What the task requires:
Go through the data below and return each line containing the word "finType".

Stored data
Lemma twin_restrict_chordal a a' : a != a' -> K a a' -> chordal (twin_restrict a a').
Proof.
move=> aa' Kaa' k c0 /induced_cycle_chordless [c c_cyc].
have [k4 c_inj c_adj] := c_cyc.
have c_avoid x : ~~ [exists i : 'I_k, c i == x] -> forall i, i < k -> c i != x.
  move=> no_x i ik; apply: contraNneq no_x => cx.
  by apply/existsP; exists (Ordinal ik); rewrite cx.
case: (boolP [exists i : 'I_k, c i == a]) => [/existsP[ia /eqP ca]|no_a];
case: (boolP [exists i : 'I_k, c i == a']) => [/existsP[ia' /eqP ca']|no_a'].
- apply: (chordless_cycle_twin_edge (@twin_restrict_sym a a') c_cyc
    (ltn_ord ia) (ltn_ord ia')).
  + by apply: contra_neq aa' => /val_inj iaa'; rewrite -ca -ca' iaa'.
  + by rewrite ca ca' /twin_restrict !inE Kaa' !eqxx ?orbT.
  + move=> z; rewrite ca ca' => za za'.
    by rewrite twin_restrictl ?twin_restrictr 1?andbC.
- apply: (@no_chordless_cycle_through_common_nbhd (twin_restrict a a') k c a a' ia) => //.
  + exact: twin_restrict_out.
  + exact: twin_restrictl.
  + exact: c_avoid.
- apply: (@no_chordless_cycle_through_common_nbhd (twin_restrict a a') k c a' a ia') => //.
  + by rewrite eq_sym.
  + by rewrite K_sym.
  + by move=> z w *; apply: twin_restrict_out.
  + by move=> z *; rewrite twin_restrictr.
  + exact: c_avoid.
- apply: (@chordless_cycle_not_chordal _ K k c) => //; split=> // i j ik jk.
  by rewrite -(@twin_restrict_out a a') ?c_adj //; apply: c_avoid.
Qed.

End TwinRestriction.

Lemma eq_chordal (T : finType) (e1 e2 : rel T) : e1 =2 e2 -> chordal e1 -> chordal e2.
Proof.
move=> e12 e1_ch k c [k4 c_inj c_adj].
by apply: (e1_ch k c); split=> // i j; rewrite e12.
Qed.

Lemma chordal_completion_minimal_sub (T : finType) (e e1 : rel T) :
  chordal_completion e e1 -> exists2 e0, minimal_chordal_completion e e0 & subrel e0 e1.
Proof.
pose edges (r : rel T) := [set xy : T * T | r xy.1 xy.2].
have [n] := ubnP #|edges e1|; elim: n e1 => // n IH e1 e1n e1_cc.
case: (classic (forall e2, chordal_completion e e2 -> subrel e2 e1 -> subrel e1 e2)).
  by exists e1.
move=> /not_all_ex_not[e2 not_min].
have [e2_cc not_min'] := imply_to_and _ _ not_min.
have [e21 not_sub] := imply_to_and _ _ not_min'.
have [x not_x] := not_all_ex_not _ _ not_sub.
have [y not_xy] := not_all_ex_not _ _ not_x.
have [e1xy e2xy] := imply_to_and _ _ not_xy.
have e21_card : #|edges e2| < #|edges e1|.
  apply/proper_card/properP; split; first by apply/subsetP=> z; rewrite !inE; apply: e21.
  by exists (x, y); rewrite !inE //=; apply/negP.
have [|e0 e0_min e02] := IH e2 _ e2_cc; first by lia.
by exists e0 => // u v /e02 /e21.
Qed.

Section BlowUp.
Variables (V W : finType) (p : W -> V).

Definition contract (F : rel W) : rel V := fun u v =>
  (u != v) && [exists x, exists y, (p x == u) && (p y == v) && F x y].

Lemma substitute_cliques_sym F : symmetric F -> symmetric (substitute_cliques F p).
Proof. by move=> F_sym x y; rewrite /substitute_cliques eq_sym F_sym [p y == _]eq_sym. Qed.

Lemma substitute_cliques_irr F : irreflexive (substitute_cliques F p).
Proof. by move=> x; rewrite /substitute_cliques eqxx. Qed.

Lemma substitute_cliques_mono F1 F2 :
  subrel F1 F2 -> subrel (substitute_cliques F1 p) (substitute_cliques F2 p).
Proof.
move=> F12 x y; rewrite /substitute_cliques.
by case/andP=> -> /orP[->//|/F12 ->]; rewrite orbT.
Qed.

Lemma contract_mono F1 F2 : subrel F1 F2 -> subrel (contract F1) (contract F2).
Proof.
move=> F12 u v; rewrite /contract.
case/andP=> -> /existsP[x /existsP[y /andP[/andP[xu yv] /F12 Fxy]]].
by apply/existsP; exists x; apply/existsP; exists y; rewrite xu yv Fxy.
Qed.

Lemma substitute_cliques_twin F u v w : p u = p v -> w != u -> w != v ->
  substitute_cliques F p u w = substitute_cliques F p v w.
Proof. by move=> puv wu wv; rewrite /substitute_cliques puv !(eq_sym _ w) wu wv. Qed.

Lemma substitute_cliques_chordal F :
  simple_graph F -> chordal F -> chordal (substitute_cliques F p).
Proof.
move=> [F_sym F_irr] F_ch k c0 /induced_cycle_chordless [c c_cyc].
have [k4 c_inj c_adj] := c_cyc.
have pc_inj i j : i < k -> j < k -> p (c i) = p (c j) -> i = j.
  move=> ik jk pij; case: (eqVneq i j) => // ij; exfalso.
  have cij : c i != c j by apply: contra_neq ij => /c_inj; apply.
  apply: (chordless_cycle_twin_edge (substitute_cliques_sym F_sym) c_cyc ik jk ij).
    by rewrite /substitute_cliques cij pij eqxx.
  by move=> z zi zj; apply: substitute_cliques_twin.
apply: (@chordless_cycle_not_chordal _ F k (fun n => p (c n))) => //; split=> //.
move=> i j ik jk; rewrite -c_adj //.
case: (eqVneq i j) => [->|ij]; first by rewrite F_irr substitute_cliques_irr.
have pij : p (c i) != p (c j) by apply: contra_neq ij => /pc_inj; apply.
have cij : c i != c j by apply: contraNneq pij => ->.
by rewrite /substitute_cliques cij (negbTE pij).
Qed.

Variables (eG : rel V) (s : V -> W).
Hypotheses (eG_simple : simple_graph eG) (p_s : cancel s p).
Notation H := (substitute_cliques eG p).

Lemma chordal_of_substitute_cliques F : chordal (substitute_cliques F p) -> chordal F.
Proof.
move=> FH_ch k c0 /induced_cycle_chordless [c [k4 c_inj c_adj]].
apply: (@chordless_cycle_not_chordal _ _ k (s \o c) _ FH_ch); split=> //.
  by move=> i j ik jk /(congr1 p); rewrite /= !p_s; apply: c_inj.
move=> i j ik jk; case: (eqVneq i j) => [->|ij].
  by rewrite substitute_cliques_irr /cycle_adj; lia.
have cij : c i != c j by apply: contra_neq ij => /c_inj; apply.
have scij : s (c i) != s (c j) by apply: contra_neq cij => /(can_inj p_s).
by rewrite /substitute_cliques /= scij !p_s (negbTE cij) c_adj.
Qed.

Lemma substitute_cliquesK F : irreflexive F -> contract (substitute_cliques F p) =2 F.
Proof.
move=> F_irr u v; rewrite /contract.
case: (eqVneq u v) => [->|uv] /=; first by rewrite F_irr.
apply/existsP/idP.
  case=> x /existsP[y /andP[/andP[/eqP xu /eqP yv]]].
  by rewrite /substitute_cliques xu yv (negbTE uv) => /andP[].
move=> Fuv; exists (s u); apply/existsP; exists (s v).
rewrite !p_s !eqxx /substitute_cliques !p_s (negbTE uv) Fuv !andbT /=.
by apply: contra_neq uv => /(can_inj p_s).
Qed.

Lemma substitute_cliques_completion F :
  chordal_completion eG F -> chordal_completion H (substitute_cliques F p).
Proof.
move=> [F_simple [GF F_ch]]; split; [split|split].
- by apply: substitute_cliques_sym; case: F_simple.
- exact: substitute_cliques_irr.
- exact: substitute_cliques_mono.
- exact: substitute_cliques_chordal.
Qed.

Lemma minimal_completion_class_twins F : minimal_chordal_completion H F ->
  forall x x' z, p x = p x' -> x != x' -> z != x -> z != x' -> F x z = F x' z.
Proof.
move=> [[[F_sym F_irr] [HF F_ch]] F_min] x x' z pxx' xx' zx zx'.
have Fxx' : F x x' by apply: HF; rewrite /substitute_cliques xx' pxx' eqxx.
have H_sym : symmetric H by apply: substitute_cliques_sym; case: eG_simple.
have H_leave u v : u \in [:: x; x'] -> v \notin [:: x; x'] -> H u v -> F x v && F x' v.
  rewrite !inE negb_or => u_xx' /andP[vx vx'] Huv.
  have Hxv : H x v.
    case/orP: u_xx' => /eqP u_eq; first by rewrite -u_eq.
    by rewrite (substitute_cliques_twin _ pxx') // -u_eq.
  by rewrite !HF // -(substitute_cliques_twin _ pxx').
have restr_cc : chordal_completion H (twin_restrict F x x').
  split; [split|split].
  - exact: twin_restrict_sym.
  - by move=> u; apply/negP => /twin_restrict_sub; rewrite F_irr.
  - move=> u v Huv; rewrite /twin_restrict (HF _ _ Huv) /=.
    apply/andP; split; apply/implyP => w_in.
      case: (boolP (v \in [:: x; x'])) => [//|v_out].
      by rewrite (H_leave u v).
    case: (boolP (u \in [:: x; x'])) => [//|u_out].
    by rewrite (H_leave v u) // H_sym.
  - exact: twin_restrict_chordal.
have F_restr := F_min _ restr_cc (@twin_restrict_sub _ F x x').
apply/idP/idP => Fz.
- by move: (F_restr _ _ Fz); rewrite (twin_restrictl _ zx zx') => /andP[].
- by move: (F_restr _ _ Fz); rewrite (twin_restrictr _ zx zx') => /andP[].
Qed.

Task result:
Lemma eq_chordal (T : finType) (e1 e2 : rel T) : e1 =2 e2 -> chordal e1 -> chordal e2.
Lemma chordal_completion_minimal_sub (T : finType) (e e1 : rel T) :
Variables (V W : finType) (p : W -> V).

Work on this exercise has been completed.